Nivel 2► Metatextualidad► Je viens de relire ce que j’ai écrit la derniere fois, & je ne l’ai pas trouvé mauvais ; ma foi, je l’ai trouvé bon. C’est de l’excellente morale, en profite qui pourra, il ne la faut pas meilleure pour les honnêtes gens : à l’égard de ceux qui ne se soucient pas de l’être, je ne les compte pas ; car ou ils n’ont point d’esprit, ou ils n’ont que de cela : & si c’est le dernier, c’est encore pis, ils ne liront ma morale que pour voir si elle est bien pensée : voilà toute la tache de ces Messieurs-là : ils ressemblent à ceux à qui on donneroit de l’or, & qui ne s’en serviroient point ; mais qui se contenteroient de le peser pour sçavoir à quel karat il seroit. Ne seroit-ce pas là un beau gain ? eh bien, je les avertis qu’avec tout leur bel esprit, je ne les reconnois point pour Juges en fait de morale : l’esprit ne sçait ce que c’est, quand il en juge tout seul, & que le cœur n’est pas de la partie : il faut que ces [212] deux pièces-là marchent ensemble, sans quoi on ne tient rien. ‘

Mais à propos de morale, je m’avise de penser que celle que j’ai mise la derniere fois fera une plaisante bigarrure avec ce qui la précede.

D’abord on voit un homme gaillard qui se plaît aux discours d’un camarade yvrogne, & puis tout d’un coup ce gaillard, sans dire gare, tombe dans les réflexions les plus sérieuses ; cela n’est pas dans les regles, n’est-il pas vrai ? cela fait un ouvrage bien extraordinaire, bien bizarre : eh ! tant mieux, cela le fait naturel, cela nous ressemble.

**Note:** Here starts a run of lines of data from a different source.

Lemma nbrs_uniq x : uniq (nbrs x). Proof. exact: undup_uniq. Qed.
Lemma nbrsC x y : (y \in nbrs x) = (x \in nbrs y). Proof. by rewrite !mem_nbrs weightC. Qed.
Lemma nbrs_irr x : x \notin nbrs x. Proof. by rewrite mem_nbrs weight_diag ltxx. Qed.
Lemma nbrs_neq x y : y \in nbrs x -> y != x.
Proof. by apply: contraTneq => ->; exact: nbrs_irr. Qed.

Lemma weight_nbrs0 x y : y \notin nbrs x -> b x y = 0.
Proof. by rewrite mem_nbrs => H; apply/eqP; rewrite eq_le weight_ge0 andbT leNgt. Qed.

Lemma deg_sum r x : uniq r -> {subset nbrs x <= r} -> deg b x = \sum_(y <- r) b x y.
Proof.
move=> ur xr; rewrite /deg (esumT_uniq (r := r)) // => [y|y yr]; first exact: weight_ge0.
by apply: weight_nbrs0; apply: contra yr; apply: xr.
Qed.

Lemma sum_nbrs_widen r y (F : X -> R) : uniq r -> {subset nbrs y <= r} ->
  \sum_(z <- nbrs y) b y z * F z = \sum_(z <- r) b y z * F z.
Proof.
move=> ur yr; apply: big_uniq_widen => // [|z zy]; first exact: nbrs_uniq.
by rewrite weight_nbrs0 // mul0r.
Qed.

Definition nbhd (s : seq X) := undup (s ++ flatten (map nbrs s)).

Lemma nbhd_uniq s : uniq (nbhd s). Proof. exact: undup_uniq. Qed.
Lemma mem_nbhd s x : x \in s -> x \in nbhd s.
Proof. by move=> xs; rewrite mem_undup mem_cat xs. Qed.
Lemma mem_nbhd_nbrs s x y : x \in s -> y \in nbrs x -> y \in nbhd s.
Proof.
move=> xs ynb; rewrite mem_undup mem_cat; apply/orP; right.
by apply/flattenP; exists (nbrs x) => //; apply/mapP; exists x.
Qed.

Lemma exists_boundary_edge (P : pred X) (s : seq X) x :
  all_components_infinite b -> P x -> (forall y, P y -> y \in s) ->
  exists p q, [/\ P p, ~~ P q & 0 < b p q].
Proof.
move=> ci Px Ps.
have [z [xz zs]] : exists z, gconnected b x z /\ z \notin s.
  apply: contrapT => H; apply: (ci x); apply: (sub_finite_set _ (finite_seq s)).
  by move=> z xz /=; apply/negPn/negP => zs; apply: H; exists z.
have Pz : ~~ P z by apply: contra zs; exact: Ps.
elim: xz Px Pz => [a y ay Pa nPy|y Py nPy|a y c _ IH1 _ IH2 Pa nPc].
- by exists a, y.
- by rewrite Py in nPy.
- by have [Py|nPy] := boolP (P y); [exact: IH2 | exact: IH1].
Qed.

Regardez la nature, elle a des plaines, & puis des vallons, des montagnes, des arbres ici, des rochers là, point de simetrie, point d’ordre, je dis, de cet ordre que nous connoissons, & qui, à mon gré, fait une si sotte figure auprès de ce beau désordre de la nature : mais il n’y a qu’elle qui en a le secret de ce désordre-là ; & mon esprit aussi, car il fait comme elle, & je le laisse aller.

Je vous l’ai déja dit, je me moque [213] des regles, & il n’y a pas grand mal : notre esprit ne vaut pas trop la peine de toute la façon que nous faisons souvent après lui ; nous avons trop d’orgueil pour la capacité qu’il a, & nous le chargeons presque toujours de plus qu’il ne peut.

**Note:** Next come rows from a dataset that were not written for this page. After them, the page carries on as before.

(* Let $X:\mathbb{N}\to\mathbf{Set}_*$ be a tower of pointed sets, $A$ an abelian group, $m\ge2$ an integer, $h\in G(X,A)$, and $x_1,\dots,x_l\in\lim_\mathbb{N}X$. Suppose that for every $n\in\mathbb{N}$ and every $a\in\mathrm{supp}(h(n))\setminus\{x_1(n),\dots,x_l(n)\}$ we have $h(n)_a\in mA$. Then $[h]\in mH(X,A)$.
   Context: $\mathbb{N}$ is regarded as a category with a single morphism $n\to m$ whenever $n\ge m$. For a pointed set $Y$, $Y\wedge A:=\bigoplus_{Y\setminus\{*\}}A$, whose elements are finitely supported pointed maps $y:Y\to A$, $s\mapsto y_s$, with $\mathrm{supp}(y)=\{s:y_s\ne0\}$; functorial via $f_*(sv)=f(s)v$, where $sv$ is the element with value $v$ at $s$ ($*v=0$). $G(X,A):=\lim_\mathbb{N}(X\wedge A)$; $K(X,A)$ is the image of the injective natural map $\rho:(\lim_\mathbb{N}X)\wedge A\to G(X,A)$, $\rho(xv)(n)=x(n)v$; $H(X,A):=G(X,A)/K(X,A)$, and $[h]$ denotes the class of $h\in G(X,A)$ in $H(X,A)$. *)

From HB Require Import structures.
From mathcomp Require Import all_boot all_algebra.
Set Implicit Arguments. Unset Strict Implicit. Unset Printing Implicit Defensive.
Import GRing.Theory.
Local Open Scope ring_scope.

(* The carriers are eqTypes (classically every set has
   decidable equality). *)
Record tower := Tower {
  obj :> nat -> eqType;
  pt : forall n, obj n;
  bond : forall n, obj n.+1 -> obj n;
  bond_pt : forall n, bond (pt n.+1) = pt n }.

(* y is an element of Y /\ A : a pointed map Y -> A with finite support. *)
Definition smash (T : eqType) (p : T) (A : zmodType) (y : T -> A) : Prop :=
  y p = 0 /\ exists s : seq T, forall a, y a != 0 -> a \in s.

Definition covers (T : eqType) (A : zmodType) (y : T -> A) (s : seq T) : Prop :=
  uniq s /\ forall a, y a != 0 -> a \in s.

(* z = f_* y, where f_*(s v) = f(s) v and * v = 0 *)
Definition is_push (S T : eqType) (pT : T) (A : zmodType) (f : S -> T)
  (y : S -> A) (z : T -> A) : Prop :=
  z pT = 0 /\
  forall t, t != pT -> forall s, covers y s -> z t = \sum_(a <- s | f a == t) y a.

(* h \in G(X,A) = lim_N (X /\ A) *)
Definition inG (X : tower) (A : zmodType) (h : forall n, X n -> A) : Prop :=
  (forall n, smash (pt X n) (h n)) /\
  (forall n, is_push (pt X n) (@bond X n) (h n.+1) (h n)).

Definition thread (X : tower) :=
  {x : forall n, X n | forall n, @bond X n (x n.+1) = x n}.

(* h \in K(X,A) = image of rho : (lim X) /\ A -> G(X,A):
   h = rho (sum_i x_i v_i), i.e. h(n) = sum_i x_i(n) v_i. *)
Definition inK (X : tower) (A : zmodType) (h : forall n, X n -> A) : Prop :=
  exists xs : seq (thread X * A),
    forall n, h n (pt X n) = 0 /\
      forall t, t != pt X n -> h n t = \sum_(p <- xs | sval p.1 n == t) p.2.

(* [h] \in m H(X,A): h - m g \in K(X,A) for some g \in G(X,A) *)
Definition in_mH (X : tower) (A : zmodType) (m : nat) (h : forall n, X n -> A) : Prop :=
  exists g : forall n, X n -> A, inG g /\ inK (fun n a => h n a - g n a *+ m).

From mathcomp Require Import all_boot all_algebra.
From Stdlib Require List.
From Stdlib Require Import ClassicalEpsilon Classical.
Set Implicit Arguments. Unset Strict Implicit. Unset Printing Implicit Defensive.
Import GRing.Theory.
Local Open Scope ring_scope.

(* The proof is an induction on the list of exceptional threads.
   - No exceptional thread ([divide_G]): a compatible family all of whose
     coefficients lie in mA is m times a compatible family.  The quotient is
     built level by level; in each fibre of a bonding map one representative
     point absorbs the correction that makes the quotient push forward.
   - A thread x equal to the base-point thread or to another exceptional
     thread is redundant ([mult_off_drop]).  Otherwise x eventually separates
     from all of them ([eventually_apart]); from then on the coefficient of h
     along x changes by elements of mA ([step_mult]), so subtracting
     rho(x c), with c the coefficient of h at x at a late level, removes x
     from the list ([mult_off_peel]).  Since rho(x c) \in K(X,A), this does
     not change the class of h ([in_mH_shift]). *)

Section Multiples.
Variables (A : zmodType) (m : nat).

Definition is_mult (v : A) : Prop := exists b : A, v = b *+ m.

Lemma is_mult0 : is_mult 0.
Proof. by exists 0; rewrite mul0rn. Qed.

Lemma is_multD u v : is_mult u -> is_mult v -> is_mult (u + v).
Proof. by move=> [a ->] [b ->]; exists (a + b); rewrite mulrnDl. Qed.

Lemma is_multN u : is_mult u -> is_mult (- u).
Proof. by move=> [a ->]; exists (- a); rewrite mulNrn. Qed.

Lemma is_multB u v : is_mult u -> is_mult v -> is_mult (u - v).
Proof. by move=> mu mv; apply: is_multD mu (is_multN mv). Qed.

Lemma is_mult_sum (I : Type) (r : seq I) (P : pred I) (F : I -> A) :
  (forall i, P i -> is_mult (F i)) -> is_mult (\sum_(i <- r | P i) F i).
Proof. by move=> mF; apply: big_ind => //; [exact: is_mult0 | exact: is_multD]. Qed.

Lemma is_mult_telescope (u : nat -> A) M :
  (forall j, (M <= j)%N -> is_mult (u j.+1 - u j)) ->
  forall j, (M <= j)%N -> is_mult (u j - u M).
Proof.
move=> incr; elim=> [|j IH]; first by rewrite leqn0 => /eqP ->; rewrite subrr; exact: is_mult0.
rewrite leq_eqVlt => /orP[/eqP <-|ltMj]; first by rewrite subrr; exact: is_mult0.
rewrite -(subrK (u j) (u j.+1)) -addrA.
by apply: is_multD; [apply: incr | apply: IH].
Qed.

End Multiples.

Section SupportSums.
Variables (T : eqType) (A : zmodType).
Implicit Types (y F : T -> A) (P : pred T) (s : seq T).

Lemma sum_support y P s :
  \sum_(a <- s | P a) y a = \sum_(a <- [seq a <- s | y a != 0] | P a) y a.
Proof.
rewrite big_filter_cond [RHS]big_mkcond [LHS]big_mkcond; apply: eq_bigr => a _.
by case: (P a); case: eqP => // ->; rewrite ?andbF.
Qed.

Lemma covers_sum y P s1 s2 :
  covers y s1 -> covers y s2 -> \sum_(a <- s1 | P a) y a = \sum_(a <- s2 | P a) y a.
Proof.
move=> [u1 c1] [u2 c2]; rewrite sum_support [RHS]sum_support; apply: perm_big.
apply: uniq_perm; rewrite ?filter_uniq // => a; rewrite !mem_filter.
by case: (boolP (y a != 0)) => //= nz; rewrite (c1 _ nz) (c2 _ nz).
Qed.

Lemma covers_undup y r : (forall a, y a != 0 -> a \in r) -> covers y (undup r).
Proof. by move=> supp; split=> [|a /supp]; rewrite ?undup_uniq ?mem_undup. Qed.

Lemma smash_covers (p : T) y : smash p y -> exists s, covers y s.
Proof. by move=> [_ [s supp]]; exists (undup s); apply: covers_undup. Qed.

Lemma sum_split_at F P s j : uniq s -> j \in s -> P j ->
  \sum_(a <- s | P a) F a = F j + \sum_(a <- s | P a && (a != j)) F a.
Proof.
move=> us js Pj; rewrite big_mkcond (bigD1_seq j) //= Pj; congr (_ + _).
rewrite [RHS]big_mkcond [LHS]big_mkcond; apply: eq_bigr => a _.
by case: (a != j); rewrite ?andbT ?andbF.
Qed.

End SupportSums.

Section GroupG.
Variables (X : tower) (A : zmodType).
Implicit Types (h e : forall n, X n -> A).

Lemma inG_sub h e : inG h -> inG e -> inG (fun n t => h n t - e n t).
Proof.
move=> [hs hp] [es ep]; split=> n.
  have [h0 [s1 supp1]] := hs n; have [e0 [s2 supp2]] := es n.
  split; first by rewrite h0 e0 subr0.
  exists (s1 ++ s2) => a; rewrite mem_cat.
  have [/eqP ->|/supp1 -> //] := boolP (h n a == 0).
  by rewrite sub0r oppr_eq0 => /supp2 ->; rewrite orbT.
split; first by rewrite (proj1 (hp n)) (proj1 (ep n)) subr0.
move=> t tn s cs.
have [_ [s1 supp1]] := hs n.+1; have [_ [s2 supp2]] := es n.+1.
pose u := undup (s ++ s1 ++ s2).
rewrite (covers_sum _ cs (s2 := u)); last first.
  by apply: covers_undup => a /(proj2 cs) in_s; rewrite mem_cat in_s.
rewrite sumrB (proj2 (hp n) t tn u) ?(proj2 (ep n) t tn u) //.
  by apply: covers_undup => a /supp2 in_s2; rewrite !mem_cat in_s2 !orbT.
by apply: covers_undup => a /supp1 in_s1; rewrite !mem_cat in_s1 orbT.
Qed.

(* rho(x c), the image in G(X,A) of the element x c of (lim X) /\ A. *)
Definition rho_point (x : thread X) (c : A) (n : nat) (t : X n) : A :=
  if (t != pt X n) && (t == sval x n) then c else 0.
Arguments rho_point x c n t : clear implicits.

Lemma inG_rho_point x c : inG (rho_point x c).
Proof.
have cov n : covers (rho_point x c n) [:: sval x n].
  split=> // a; rewrite /rho_point inE.
  by case: andP => [[_ /eqP ->]|]; rewrite eqxx.
split=> n; split; rewrite /rho_point ?eqxx //.
  by exists [:: sval x n]; apply: (proj2 (cov n)).
move=> t tn s cs; rewrite (covers_sum _ cs (cov n.+1)) big_cons big_nil addr0.
rewrite (svalP x n) /rho_point tn eqxx /= andbT eq_sym.
case: eqP => // xt; suff -> : sval x n.+1 != pt X n.+1 by [].
by apply: contra tn => /eqP xpt; rewrite -xt -(svalP x n) xpt bond_pt.
Qed.

End GroupG.
Arguments rho_point {X A} x c n t.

Pour moi, ma plume obéit aux fantaisies du mien ; & je serois bien fâché que cela fût autrement : car je veux qu’on trouve de tout dans mon Livre, je veux que les gens sérieux, les gais, les tristes, quelquefois les fous, enfin que tout le monde me cite, & vous verrez qu’on me citera : bref, je veux être un homme & non pas un Auteur, & ainsi donner ce que mon esprit fait, non pas ce que je lui ferois faire : aussi, je ne vous promets rien, je ne jure de rien ; & si je vous ennuye, je ne vous ai pas dit que cela n’arriveroit pas ; si je vous amuse, je n’y suis pas obligé, je ne vous dois rien, ainsi le plaisir que je vous donne est un présent que je vous fais ; & si par hazard je vous instruis, je suis un homme magnifique, & vous voilà comblé de mes graces.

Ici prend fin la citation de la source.